Only the number should be given: how many lines below contain "dots".

◇ ◇ ◇

(* Let $\pi\in S_n$. For every $k\in\{1,\dots,n\}$, $(c_k,d_k)\in\beta_\pi$ if and only if $k$ is the largest element of the $\pi$-segment containing $k$.
   Context: $G$ is the direct product of chains $0=c_0\prec\dots\prec c_n$ and $0=d_0\prec\dots\prec d_n$, elements written $c_i\vee d_j$. For $\pi\in S_n$, $\beta_\pi$ is the join, in the lattice of join-congruences (equivalences compatible with $\vee$) of $(G;\vee)$, of the smallest join-congruences collapsing $\{c_{i-1}\vee d_{\pi(i)},c_i\vee d_{\pi(i)-1},c_i\vee d_{\pi(i)}\}$, $i=1,\dots,n$. For $\sigma\in S_n$, a set $I$ is closed if $\sigma(I)\subseteq I$; a nonempty interval $\{u,\dots,v\}$ of $\{1<\dots<n\}$ is a $\sigma$-section if it, $\{1,\dots,u-1\}$ and $\{v+1,\dots,n\}$ are closed; minimal $\sigma$-sections are $\sigma$-segments, and they partition $\{1,\dots,n\}$. *)

From mathcomp Require Import all_boot all_order all_fingroup.
Set Implicit Arguments. Unset Strict Implicit. Unset Printing Implicit Defensive.

(* The grid G = chain {c_0<..<c_n} x chain {d_0<..<d_n}.
   The element c_i \/ d_j is encoded as the pair (i, j). *)
Definition grid (n : nat) : finType := ('I_n.+1 * 'I_n.+1)%type.

Definition omax m (a b : 'I_m) : 'I_m := if (a <= b)%N then b else a.

Definition gjoin n (x y : grid n) : grid n := (omax x.1 y.1, omax x.2 y.2).

Definition cd n (i j : nat) : grid n := (inord i, inord j).

Definition join_congruence n (R : grid n -> grid n -> Prop) : Prop :=
  [/\ (forall x, R x x), (forall x y, R x y -> R y x),
      (forall x y z, R x y -> R y z -> R x z) &
      (forall x y z, R x y -> R (gjoin x z) (gjoin y z))].

(* Permutation pi of {1..n} is represented by p : {perm 'I_n}, with
   pi(j+1) = (p j) + 1.  The i-th generating triple (i = j+1) is
   { c_{i-1} \/ d_{pi i}, c_i \/ d_{pi i - 1}, c_i \/ d_{pi i} }. *)
Definition triple n (p : {perm 'I_n}) (j : 'I_n) : seq (grid n) :=
  [:: cd n j (p j).+1; cd n j.+1 (p j); cd n j.+1 (p j).+1].

(* beta_pi: the join (in the lattice of join-congruences) of the smallest
   join-congruences collapsing each triple = the smallest join-congruence
   collapsing all the triples. *)
Definition beta n (p : {perm 'I_n}) (x y : grid n) : Prop :=
  forall R : grid n -> grid n -> Prop, join_congruence R ->
    (forall j a b, a \in triple p j -> b \in triple p j -> R a b) -> R x y.

(* Index sets are subsets of {1..n}; element i is encoded by ordinal i-1. *)
Definition sclosed n (p : {perm 'I_n}) (I : {set 'I_n}) : Prop :=
  forall x, x \in I -> p x \in I.

Definition interval n (u v : nat) : {set 'I_n} :=
  [set x : 'I_n | (u <= x.+1 <= v)%N].

Definition section n (p : {perm 'I_n}) (u v : nat) : Prop :=
  [/\ (1 <= u)%N, (u <= v <= n)%N,
      sclosed p (interval n u v), sclosed p (interval n 1 u.-1) &
      sclosed p (interval n v.+1 n)].

Definition segment n (p : {perm 'I_n}) (u v : nat) : Prop :=
  section p u v /\
  forall u' v', section p u' v' -> interval n u' v' \subset interval n u v ->
    interval n u' v' = interval n u v.

From mathcomp Require Import all_boot all_order all_fingroup.
From mathcomp Require Import zify.
Set Implicit Arguments. Unset Strict Implicit. Unset Printing Implicit Defensive.

(* Both sides reduce to the condition that the prefix {1, ..., k} is
   pi-invariant.  If it is, then for every j < k the triple of j joined with
   d_k (resp. c_k) collapses c_j \/ d_k with c_(j+1) \/ d_k (resp. c_k \/ d_(pi j)
   with c_k \/ d_(pi j + 1)), and these steps chain d_k to c_k \/ d_k and c_k to
   c_k \/ d_k.  Conversely, for each j the map x = c_a \/ d_b |-> (j < a) || (pi j < b)
   is a join-homomorphism into bool that is constant on every triple, so its
   kernel contains beta_pi; it separates c_k from d_k unless j < k <-> pi j < k.
   Finally, the ends of the pi-sections are exactly the invariant prefixes, so
   k ends a segment iff {1..k} is invariant. *)

Lemma omaxE m (a b : 'I_m) : (omax a b : nat) = maxn a b.
Proof. by rewrite /omax; case: leqP => h; lia. Qed.

Section Grid.

Variable n : nat.

Lemma cd1 a b : a <= n -> ((cd n a b).1 : nat) = a.
Proof. by move=> ha; rewrite /= inordK. Qed.

Lemma cd2 a b : b <= n -> ((cd n a b).2 : nat) = b.
Proof. by move=> hb; rewrite /= inordK. Qed.

Lemma gjoin_cd a b c d : a <= n -> b <= n -> c <= n -> d <= n ->
  gjoin (cd n a b) (cd n c d) = cd n (maxn a c) (maxn b d).
Proof.
move=> ha hb hc hd; rewrite /gjoin; congr pair; apply: val_inj;
  rewrite /= omaxE /= !inordK //; lia.
Qed.

Lemma join_congruence_kernel (f : grid n -> bool) :
  (forall x z, f (gjoin x z) = f x || f z) ->
  join_congruence (fun x y => f x = f y).
Proof.
move=> fM; split=> [//|x y|x y z|x y z e]; [exact: esym|exact: etrans|].
by rewrite !fM e.
Qed.

End Grid.

(* {1, ..., k} is pi-invariant; recall that the ordinal j encodes j + 1. *)
Definition prefix_stable n (p : {perm 'I_n}) (k : nat) : bool :=
  [forall j : 'I_n, (j < k) == (p j < k)].

Lemma prefix_stableP n (p : {perm 'I_n}) k :
  reflect (forall j : 'I_n, (j < k) = (p j < k)) (prefix_stable p k).
Proof. by apply: (iffP forallP) => h j; [apply/eqP: (h j) | rewrite h]. Qed.

Lemma prefix_stable0 n (p : {perm 'I_n}) : prefix_stable p 0.
Proof. by apply/prefix_stableP => j; rewrite !ltn0. Qed.

Section Beta.

Variables (n : nat) (p : {perm 'I_n}).

Lemma beta_prefix_stable k : k <= n ->
  beta p (cd n k 0) (cd n 0 k) -> prefix_stable p k.
Proof.
move=> kn Hbeta; apply/prefix_stableP => j0.
pose f (x : grid n) := (j0 < x.1) || (p j0 < x.2).
have fM x z : f (gjoin x z) = f x || f z.
  by rewrite /f /gjoin /= !omaxE !leq_max orbACA.
have f_cd a b : a <= n -> b <= n -> f (cd n a b) = (j0 < a) || (p j0 < b).
  by move=> ha hb; rewrite /f cd1 // cd2.
have ltS_neq (x y : nat) : x != y -> (y < x.+1) = (y < x).
  by move=> ne; rewrite ltnS leq_eqVlt eq_sym (negbTE ne).
have pj_neq (j : 'I_n) : j != j0 -> (p j : nat) != p j0.
  by rewrite (inj_eq val_inj) (inj_eq perm_inj).
have f_triple j c : c \in triple p j -> f c = (j0 < j.+1) || (p j0 < (p j).+1).
  have [hj hpj] : j <= n /\ p j <= n by split; apply: ltnW.
  rewrite !inE => /or3P[] /eqP ->; rewrite f_cd //;
    have [->|ne] := eqVneq j j0; rewrite ?ltnSn ?orbT //;
    by rewrite (ltS_neq _ _ ne) (ltS_neq _ _ (pj_neq _ ne)).
suff : f (cd n k 0) = f (cd n 0 k) by rewrite !f_cd // ?ltn0 ?orbF.
by apply: Hbeta (join_congruence_kernel fM) _ => j a b /f_triple -> /f_triple ->.
Qed.

Lemma prefix_stable_beta k : k <= n -> prefix_stable p k ->
  beta p (cd n k 0) (cd n 0 k).
Proof.
move=> kn /prefix_stableP ik R [Rr Rs Rt Rc] HT.
have bounds (j : 'I_n) : j < k -> [/\ j < n, p j < n & p j < k].
  by move=> jk; rewrite -ik jk !ltn_ord.
have step_c (j : 'I_n) : j < k -> R (cd n j k) (cd n j.+1 k).
  move=> /bounds[? ? ?].
  have T1 : R (cd n j (p j).+1) (cd n j.+1 (p j).+1).
    by apply: (HT j); rewrite !inE eqxx ?orbT.
  have := Rc _ _ (cd n 0 k) T1.
  by rewrite !gjoin_cd //; try lia; rewrite maxn0 (maxn_idPr _).
have step_d (j : 'I_n) : j < k -> R (cd n k (p j)) (cd n k (p j).+1).
  move=> jk; have [? ? ?] := bounds j jk.
  have T2 : R (cd n j.+1 (p j)) (cd n j.+1 (p j).+1).
    by apply: (HT j); rewrite !inE eqxx ?orbT.
  have := Rc _ _ (cd n k 0) T2.
  by rewrite !gjoin_cd //; try lia; rewrite maxn0 (maxn_idPr _).
have chain_c i : i <= k -> R (cd n 0 k) (cd n i k).
  elim: i => [|i IH] hi; first exact: Rr.
  have hin : i < n by lia.
  exact: Rt (IH (ltnW hi)) (step_c (Ordinal hin) hi).
have chain_d i : i <= k -> R (cd n k 0) (cd n k i).
  elim: i => [|i IH] hi; first exact: Rr.
  have hin : i < n by lia.
  have pj : p (p^-1 (Ordinal hin))%g = Ordinal hin by rewrite permKV.
  have := step_d (p^-1 (Ordinal hin))%g; rewrite ik pj => /(_ hi).
  exact: Rt (IH (ltnW hi)).
exact: Rt (chain_d k (leqnn k)) (Rs _ _ (chain_c k (leqnn k))).
Qed.

End Beta.

Section Segments.

Variables (n : nat) (p : {perm 'I_n}).

Lemma section_prefix_stable u v :
  section p u v -> prefix_stable p u.-1 && prefix_stable p v.
Proof.
case=> h1 /andP[h2 h2'] h3 h4 h5; apply/andP; split; apply/prefix_stableP=> x;
  move: (h3 x) (h4 x) (h5 x) (ltn_ord x) (ltn_ord (p x)); rewrite !inE; lia.
Qed.

Lemma prefix_stable_section u v : 1 <= u -> u <= v <= n ->
  prefix_stable p u.-1 -> prefix_stable p v -> section p u v.
Proof.
move=> h1 h2 /prefix_stableP i1 /prefix_stableP i2; split=> // x;
  move: (i1 x) (i2 x) (ltn_ord x) (ltn_ord (p x)); rewrite !inE; lia.
Qed.

Lemma interval_subset_bounds u v u' v' : 1 <= u' -> u' <= v' <= n ->
  interval n u' v' \subset interval n u v -> u <= u' /\ v' <= v.
Proof.
move=> h1 /andP[h2 h3] /subsetP sub.
have hu : u'.-1 < n by lia.
have hv : v'.-1 < n by lia.
by move: (sub (Ordinal hu)) (sub (Ordinal hv)); rewrite !inE /=; lia.
Qed.

Lemma segment_of_gap u v : 1 <= u -> u <= v <= n ->
  prefix_stable p u.-1 -> prefix_stable p v ->
  (forall i, u <= i < v -> ~~ prefix_stable p i) -> segment p u v.
Proof.
move=> h1 huv su sv gap; split; first exact: prefix_stable_section.
move=> u' v' hs sub; have /andP[su' sv'] := section_prefix_stable hs.
case: hs => h1' huv' _ _ _.
have [le_uu' le_v'v] := interval_subset_bounds h1' huv' sub.
have -> : v' = v.
  apply/eqP; rewrite eqn_leq le_v'v leqNgt.
  by apply: contraL sv' => lt_v'v; apply: gap; lia.
have -> // : u' = u.
apply/eqP; rewrite eqn_leq le_uu' andbT leqNgt.
by apply: contraL su' => lt_uu'; apply: gap; lia.
Qed.

Lemma prefix_stable_segment k : 1 <= k <= n -> prefix_stable p k ->
  exists2 u, segment p u k & u <= k.
Proof.
move=> /andP[k1 kn] sk.
have exP : exists i, (i < k) && prefix_stable p i.
  by exists 0; rewrite k1 prefix_stable0.
have ubP i : (i < k) && prefix_stable p i -> i <= k by case/andP => /ltnW.
have [m /andP[mk sm] maxm] := ex_maxnP exP ubP.
exists m.+1 => //; apply: segment_of_gap => //; first by rewrite mk.
move=> i /andP[mi ik]; apply/negP => si.
by have := maxm i; rewrite ik si => /(_ isT); lia.
Qed.

End Segments.

Theorem lemma4p3 (n : nat) (p : {perm 'I_n}) (k : nat) :
  (1 <= k <= n)%N ->
  (beta p (cd n k 0) (cd n 0 k) <->
   exists u : nat, segment p u k /\ (u <= k)%N).
Proof.
move=> hk; have kn : k <= n by case/andP: hk.
split=> [/(beta_prefix_stable kn) sk | [u [[hs _] _]]].
  by have [u ? ?] := prefix_stable_segment hk sk; exists u.
by apply: prefix_stable_beta => //; case/andP: (section_prefix_stable hs).
Qed.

◇ ◇ ◇

Task result -> 2